A ce moment-là, nous avions déjà commencé nous faire tirer dessus avec de l’eau, mais ce n’était que le début, nous sommes rapidement arrosés de tous les côtés ! lances à incendie, seaux, casseroles d’eau jetée sur le dos, sur notre visage, sur les côtés, partout. En quelques minutes, nous sommes totalement trempés.

Le pire est encore à venir. Il y a de grands bacs sur le côté de la rue ; ce sont des “stations de recharge” pour les pistolets à eaux et ceux-ci contiennent … de la glace. La première eau glacée que je reçois est le contenu d’une bouteille gelée versé dans mon décolleté, et puis ça arrive de partout. Une femme me marque le visage à la craie tout en douceur. Je suis mouillée, je suis toute blanche, mais je m’amuse!

Un peu plus loin il y a des stands de DJs, la musique est à fond, les gens dansent. Dans l’un des stands, un énorme seau accroché en hauteur se remplit petit à petit pour finir renversé sur les gens en dessous, tandis qu’un des DJs arrose copieusement la foule dansante avec une lance à incendie. Ceux d’à côté eux, y vont aux nettoyeurs haute-pression. On dirait une rave avec les gens défoncés à l’eau. C’est un truc de malades.

Mais en même temps, tout le monde a l’air heureux, et semble passer un bon moment, il n’y a pas d’agressivité, c’est un gros chahut bon-enfant et débonnaire. Un immense chaos ou tout le monde rigole.

Aucun d’entre nous ne supporte la foule, mais curieusement nous ne nous sentons oppressés à aucun moment.

Après quelques heures, nous finissons trempés bien entendu, chose incroyable, nous avons presque froid !

Nous repassons par Lumpini pour rejoindre mon amie Donna qui se joint à nous pour dîner.

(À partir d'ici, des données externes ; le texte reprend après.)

Lemma cofinal_infinite (i0 : I) (S : set I) :
  (forall x, exists y, lt x y) -> cofinal S -> infinite_set S.
Proof.
move=> nomax Scof.
have next x : exists y, S y /\ lt x y.
  have [y xy] := nomax x; have [s Ss sy] := Scof y.
  by exists s; split=> //; exact: (swo_lt_le_trans swo xy sy).
have [f fP] := choice next.
pose g n := iter n.+1 f i0.
have g_lt n m : (n < m)%N -> lt (g n) (g m).
  elim: m => // m IH; rewrite ltnS leq_eqVlt => /orP[/eqP->|/IH nm].
    exact: (fP _).2.
  exact: swo_trans nm (fP _).2.
apply/infiniteP; apply: (@card_le_inj _ _ _ _ g).
  by move=> _ [n _ <-]; apply: (fP _).1.
move=> n m _ _ gnm; have [/g_lt|/g_lt|//] := ltngtP n m.
  by rewrite gnm => /(swo_irr swo).
by rewrite gnm => /(swo_irr swo).
Qed.

Section MinimalCofinalSegment.
Variables (u : option I) (h : I -> I).
Hypothesis h_cofinal : cofinal (h @` below lt u).
Hypothesis u_min :
  forall g x, below lt u x -> ~ cofinal (g @` below lt (Some x)).

(* The records of [h] are the indices where [h] exceeds all its earlier values;
   [h] is strictly increasing on them and still maps them cofinally. *)
Definition record d := below lt u d /\ forall d', lt d' d -> lt (h d') (h d).

Lemma records_cofinal : cofinal (h @` record).
Proof.
move=> v; have [_ [d0 d0u <-] hd0v] := h_cofinal v.
pose P d := below lt u d /\ ~ lt (h d) v.
have [d [[du hdv] dmin]] :=
  @exists_wf_minimal _ _ P (swo_wf swo) (ex_intro _ d0 (conj d0u hd0v)).
exists (h d) => //; exists d => //; split=> // d' d'd.
have hd'v : lt (h d') v.
  apply: contrapT => hd'v.
  exact: (dmin d' d'd (conj (below_lt swo du d'd) hd'v)).
exact: (swo_lt_le_trans swo hd'v hdv).
Qed.

Lemma records_unbounded x : below lt u x -> exists2 r, record r & ~ lt r x.
Proof.
move=> xu; apply: contrapT => nr; apply: (@u_min h x xu) => v.
have [_ [r rr <-] hrv] := records_cofinal v.
exists (h r) => //; exists r => //=.
by apply: contrapT => nrx; apply: nr; exists r.
Qed.

Definition record_above k r := record r /\ ~ lt r k.

Definition next_record k := least swo (record_above k) k.

Lemma next_recordP k : below lt u k -> record_above k (next_record k).
Proof.
move=> ku; have [r rr rk] := records_unbounded ku.
exact: (least_spec swo (record_above k) k (ex_intro _ r (conj rr rk))).1.
Qed.

Lemma next_record_id r : record r -> next_record r = r.
Proof.
move=> rr; have [_ nr] := next_recordP rr.1.
have nrr : ~ lt r (next_record r).
  exact: (least_min swo (record_above r) r (conj rr (@swo_irr _ _ swo r))).
by have [/nr|] := swo_nltP swo nrr.
Qed.

Lemma next_record_le a b : below lt u b -> ~ lt b a ->
  ~ lt (h (next_record b)) (h (next_record a)).
Proof.
move=> bu ba; have [[nbu nb_incr] nbb] := next_recordP bu.
have nb_above : record_above a (next_record b).
  by split; [split | exact: (swo_le_trans swo ba nbb)].
have nba : ~ lt (next_record b) (next_record a).
  exact: (least_min swo (record_above a) a nb_above).
have [ab|->] := swo_nltP swo nba.
  exact: (swo_asym swo (nb_incr _ ab)).
exact: swo_irr.
Qed.

Lemma next_records_cofinal : cofinal ((h \o next_record) @` below lt u).
Proof.
move=> v; have [_ [d dr <-] hdv] := records_cofinal v.
by exists (h d) => //; exists d; rewrite /= ?next_record_id //; case: dr.
Qed.

Variable i0 : I.

Lemma segment_nonempty : below lt u !=set0.
Proof. by have [_ [d du _] _] := h_cofinal i0; exists d. Qed.

Lemma segment_infinite :
  (forall x, exists y, lt x y) -> infinite_set (below lt u).
Proof.
move=> nomax fin; apply: (cofinal_infinite i0 nomax h_cofinal).
exact: finite_image.
Qed.

Lemma segment_initial x : below lt u x -> ~ (below lt u #<= below lt (Some x)).
Proof.
move=> xu /(card_le_surj segment_nonempty)[g ug].
by apply: (@u_min (h \o g) x xu); rewrite -image_comp -ug.
Qed.

Lemma segment_regular (S : set I) : S `<=` below lt u ->
  (forall i, below lt u i -> exists2 j, S j & ~ lt j i) -> below lt u #<= S.
Proof.
move=> Su Scof; have [//|[x xu Sx]] := segment_card_le_or_bounded swo u S.
have S0 : S !=set0.
  by have [d du] := segment_nonempty; have [j Sj _] := Scof d du; exists j.
have [g Sg] := card_le_surj S0 Sx; exfalso.
apply: (@u_min (h \o next_record \o g) x xu); rewrite -image_comp -Sg => v.
have [_ [k ku <-] hkv] := next_records_cofinal v; have [j Sj jk] := Scof k ku.
exists (h (next_record j)); first by exists j.
exact: (swo_le_trans swo hkv (next_record_le (Su j Sj) jk)).
Qed.

Lemma regular_cardinal_segment : (forall x, exists y, lt x y) ->
  regular_cardinal (fun a b : below lt u => lt (val a) (val b)).
Proof.
move=> nomax; have cardK : [set: below lt u] #= below lt u := card_setT _.
split; first exact: strict_wellorder_sub.
split; [|split].
- apply/infiniteP; rewrite (card_le_eqr cardK); apply/infiniteP.
  exact: segment_infinite nomax.
- move=> i; rewrite (card_le_eql cardK) => uK.
  apply: (segment_initial (set_mem (valP i))).
  apply: card_le_trans uK _; apply: (@card_le_inj _ _ _ _ val).
    by move=> _ [k ki <-].
  by move=> ? ? _ _; apply: val_inj.
- move=> S Scof; rewrite (card_le_eql cardK).
  apply: card_le_trans (card_image_le val S); apply: segment_regular.
    by move=> _ [k _ <-]; apply: set_mem (valP k).
  move=> i iu; have [j Sj ji] := Scof (exist _ i (mem_set iu)).
  by exists (val j) => //; exists j.
Qed.

End MinimalCofinalSegment.

(* The regular cardinal is the cofinality of [I]: the least initial segment
   admitting a cofinal map into [I]. *)
Theorem exists_regular_cofinal (i0 : I) : (forall x, exists y, lt x y) ->
  exists (K : Type) (ltK : K -> K -> Prop) (phi : K -> I),
  [/\ regular_cardinal ltK, [set: K] #<= [set: I],
      forall i j, ltK i j -> ~ lt (phi j) (phi i) & cofinal (range phi)].
Proof.
move=> nomax.
have idT : cofinal (id @` below lt None).
  by move=> v; exists v; [exists v | apply: swo_irr].
have [u [[h h_cof] u_min]] := @exists_minimal_segment _ _ swo
  (fun u => exists h : I -> I, cofinal (h @` below lt u)) (ex_intro _ id idT).
have {}u_min g x : below lt u x -> ~ cofinal (g @` below lt (Some x)).
  by move=> xu gx; apply: (u_min x xu); exists g.
exists (below lt u), (fun a b => lt (val a) (val b)).
exists (h \o next_record u h \o val).
split.
- exact: regular_cardinal_segment h_cof u_min i0 nomax.
- by rewrite (card_le_eql (card_setT _)); apply: card_leT.
- move=> i j ij.
  exact: (next_record_le h_cof u_min (set_mem (valP j)) (swo_asym swo ij)).
move=> v; have [_ [k ku <-] hkv] := next_records_cofinal h_cof u_min v.
by exists (h (next_record u h k)) => //; exists (exist _ k (mem_set ku)).
Qed.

Donna est Thaï, elle rigole quand elle nous voit et nous demande comment nous avons trouvé l’expérience. Nous avons adoré, et nous le lui disons en marchant dans l’espoir de sécher rapidement, on dirait qu’elle a du mal à croire que nous avons passé un bon moment.

Donna parle anglais et en français, et elle rigole encore, avant de nous dire en Anglais « It’s good , farang happy, farang happy ! » ben oui en fait farang very happy, je ne ferais pas ça tous les jours mais franchement c’était bien plus sympa que je ne l’imaginais.

Miss Delphine et son chauffeur…

Là où on habite, nous avons besoin d’un moyen de transport pour aller au Skytrain.

On peut toujours marcher, mais il faut quelque chose comme 40 minutes, et 40 minutes sous 40 degrés avec près de 100% d’humidité, c’est possible quand on n’est pas pressé, mais certainement pas pour aller travailler.

Une option serait d’acheter une voiture, mais honnêtement traverser Bangkok en voiture et retour tous les jours prendrait très, très longtemps et finirait certainement par revenir plus cher que de prendre un taxi.

Des Taxis, à Bangkok, il y en a partout ! des verts et jaune, des roses Barbie, des blancs et rose couleur malabar bi-gout, des bleus, jaunes ou verts unis, et dans tous les cas, il sont très faciles à identifier.

Et ils ne sont pas chers. La prise en charge est de 35 baht, puis 5,50 baht / km pour les 10 prochains kilomètres, puis 6,50 baht / km du 10e au 20e kilomètre, etc., et à l’arrêt dans un embouteillage ou en dessous de 6 km/h, le compteur augmente de 2 baht par minute

En gros pour aller de la maison au BTS ça peut coûter entre 50 et 120 baht suivant la circulation.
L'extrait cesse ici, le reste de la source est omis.